Narwastu.id – Seperti tahun-tahun yang lalu, pada akhir tahun 2019 ini kembali Majalah NARWASTU menampilkan 21 tokoh Kristiani yang beberapa tahun ini menghiasi pemberitaan di majalah yang kita cintai ini. Ke-21 figur ini ada yang berlatar belakang pimpinan organisasi, pendeta, advokat, politisi, profesional, pengusaha dan aktivis gereja. Mereka kami nilai sosok yang mampu menginspirasi, mampu memotivasi, peduli pada persoalan gereja dan masyarakat serta Pancasilais.

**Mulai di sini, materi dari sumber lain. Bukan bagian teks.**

Lemma univM_lift (C : numClosedFieldType) (c1 c2 c3 c4 : C) :
  univM (lift_src src) (lift_tgt tgt alpha) c1 c2 c3 c4 =
  conv_mx (BU src tgt alpha c1 c2 c3 c4).
Proof.
apply/matrixP => i j; rewrite !mxE.
case: (enum_val i) (enum_val j) => [u h] [v k] /=.
rewrite /BU !ffunE; set z := (h^-1 * k)%g.
congr (_ * _ + _ * _ + _ * _ + _ * _).
- rewrite lift_arcs_between (card_imset _ (@pairl_inj h)) card_set_natr.
  rewrite /BA sum_ffunE [RHS]big_mkcond /=; apply: eq_bigr => a _.
  by rewrite ffunE; case: ((src a == u) && (tgt a == v)) => //=; rewrite eq_sym.
- rewrite /gdeg lift_arcs_from (card_imset _ (@pairl_inj h)).
  rewrite /BD xpair_eqE (eq_mulVg1 h k) -/z.
  by case: (u == v) => /=; rewrite ?mul0r !ffunE //= mulrC.
- by rewrite /BI xpair_eqE (eq_mulVg1 h k) -/z; case: (u == v); rewrite ffunE.
- rewrite /BJ sum_ffunE (bigD1 z) //= ffunE eqxx big1 ?addr0 // => g gz.
  by rewrite ffunE eq_sym (negPf gz).
Qed.

End LiftMatrices.

Theorem mainTheorem2
  (C : numClosedFieldType) (gT : finGroupType)
  (V X : finType) (src tgt : X -> V) (rev : X -> X)
  (rev_inv : forall a, rev (rev a) = a)
  (rev_nofix : forall a, rev a != a)
  (rev_src : forall a, src (rev a) = tgt a)
  (rev_tgt : forall a, tgt (rev a) = src a)
  (alpha : X -> gT)
  (alpha_rev : forall a, alpha (rev a) = ((alpha a)^-1)%g)
  (c1 c2 c3 c4 : C)
  (c1_real : c1 \is Num.real) (c2_real : c2 \is Num.real)
  (c3_real : c3 \is Num.real) (c4_real : c4 \is Num.real)
  (c1_neq0 : c1 != 0)
  (Irep : finType) (d : Irep -> nat)
  (rho : forall i : Irep, mx_representation C [set: gT]%G (d i))
  (rho_irr : forall i, mx_irreducible (rho i))
  (rho_unitary : forall i (g : gT),
      rho i g *m (map_mx Num.conj (rho i g))^T = 1%:M)
  (rho_ineq : forall i j, mx_rsim (rho i) (rho j) -> i = j)
  (rho_complete : forall n (r : mx_representation C [set: gT]%G n),
      mx_irreducible r -> exists i, mx_rsim r (rho i)) :
  forall x : C,
    Sp_mult (univM (lift_src src) (lift_tgt tgt alpha) c1 c2 c3 c4) x =
    (\sum_(i : Irep) d i * Sp_mult (rho_image (rho i) (BU src tgt alpha c1 c2 c3 c4)) x)%N.
Proof.
by move=> x; rewrite univM_lift (Sp_mult_conv_mx rho_irr rho_ineq rho_complete).
Qed.
(* Let $f\in\mathrm{Lip}_{[2]}(\mathbb{R})$ with $\|f\|_{\mathrm{Lip}_{[2]}(\mathbb{R})}\le 1$. Then for every $t\ge0$, $\mathbf{P}^0_t f\in\mathrm{Lip}_{[2]}(\mathbb{R})$: $\mathbf{P}^0_t f$ is $1$-Lipschitz and its derivative is $2$-Lipschitz. Furthermore $\mathscr{L}_0\mathbf{P}^0_t f$ is well defined and, for $t>0$, \[ \|\mathscr{L}_0\mathbf{P}^0_t f\|_\infty\le \frac{2}{1-e^{-t}}\,\|f'\|_\infty . \]
   Context: $Z$ denotes a standard Gumbel random variable (density $e^{-(x+e^{-x})}$ on $\mathbb{R}$). For $t\ge0$, $\mathbf{P}^0_t f(x)=\mathbb{E}\big[f\big(\max(x-t,\ Z+\log(1-e^{-t}))\big)\big]$ (convention $\log 0=-\infty$). $\mathscr{L}_0 f(x)=-f'(x)+e^{-x}\mathbb{E}[f'(x+Y)]$ with $Y\sim\mathcal{E}(1)$, which is the generator of $(\mathbf{P}^0_t)_{t\ge0}$. $\mathrm{Lip}_{[2]}(\mathbb{R})$ is the set of Lipschitz $f:\mathbb{R}\to\mathbb{R}$ whose derivative has a Lipschitz representative, with semi-norm $\|f\|_{\mathrm{Lip}_{[2]}(\mathbb{R})}=\max(\|f\|_{\mathrm{Lip}},\|f'\|_{\mathrm{Lip}})$, $\|g\|_{\mathrm{Lip}}$ being the best Lipschitz constant. *)

From Stdlib Require Import Reals.
From Coquelicot Require Import Coquelicot.
Open Scope R_scope.

Definition lipschitz_with (L : R) (g : R -> R) : Prop :=
  forall x y, Rabs (g x - g y) <= L * Rabs (x - y).

(* Lip_[2](R): f Lipschitz, (everywhere) differentiable, with Lipschitz derivative.
   (A Lipschitz f whose a.e. derivative has a Lipschitz, hence continuous,
   representative is C^1 with that representative as its derivative.) *)
Definition in_Lip2 (f : R -> R) : Prop :=
  (forall x, ex_derive f x) /\
  (exists L, lipschitz_with L f) /\
  (exists L, lipschitz_with L (Derive f)).

Definition gumbel_density (z : R) : R := exp (- (z + exp (- z))).

(* max(x - t, z + log(1 - e^{-t})), with log 0 = -oo, i.e. = x when t = 0 *)
Definition gumbel_arg (t x z : R) : R :=
  if Rlt_le_dec 0 t then Rmax (x - t) (z + ln (1 - exp (- t))) else x - t.

Definition P0_integrand (t : R) (f : R -> R) (x : R) : R -> R :=
  fun z => f (gumbel_arg t x z) * gumbel_density z.

Definition P0 (t : R) (f : R -> R) (x : R) : R :=
  RInt_gen (P0_integrand t f x) (Rbar_locally m_infty) (Rbar_locally p_infty).

Definition L0_integrand (f : R -> R) (x : R) : R -> R :=
  fun y => Derive f (x + y) * exp (- y).

Definition L0 (f : R -> R) (x : R) : R :=
  - Derive f x + exp (- x) *
      RInt_gen (L0_integrand f x) (at_point 0) (Rbar_locally p_infty).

Bahkan, tokoh-tokoh yang dipublikasikan ini ada pula yang dikenal punya ide-ide atau pemikiran-pemikiran yang kontroversial, inovatif dan mencerahkan serta tak jarang menjadi pembicaraan publik atau jemaat.
Dengan kata lain, seperti yang sudah digariskan Tim Redaksi NARWASTU sejak dulu, tokoh yang bersangkutan mesti pernah tampil di majalah ini atau dikenal sosok “pembuat berita” atas kiprah atau pelayanannya. Tentunya pembuat berita yang positif. Ke-21 tokoh ini kami seleksi dari sekitar 100 figur yang pernah dipublikasikan majalah ini. Dan tokoh-tokoh tersebut kami bahas atau diskusikan lebih dahulu dengan sebuah tim kecil di NARWASTU, dan sejumlah penasihat majalah ini pun ada yang kami mintai pendapatnya tentang seseorang figur sebelum kami angkat.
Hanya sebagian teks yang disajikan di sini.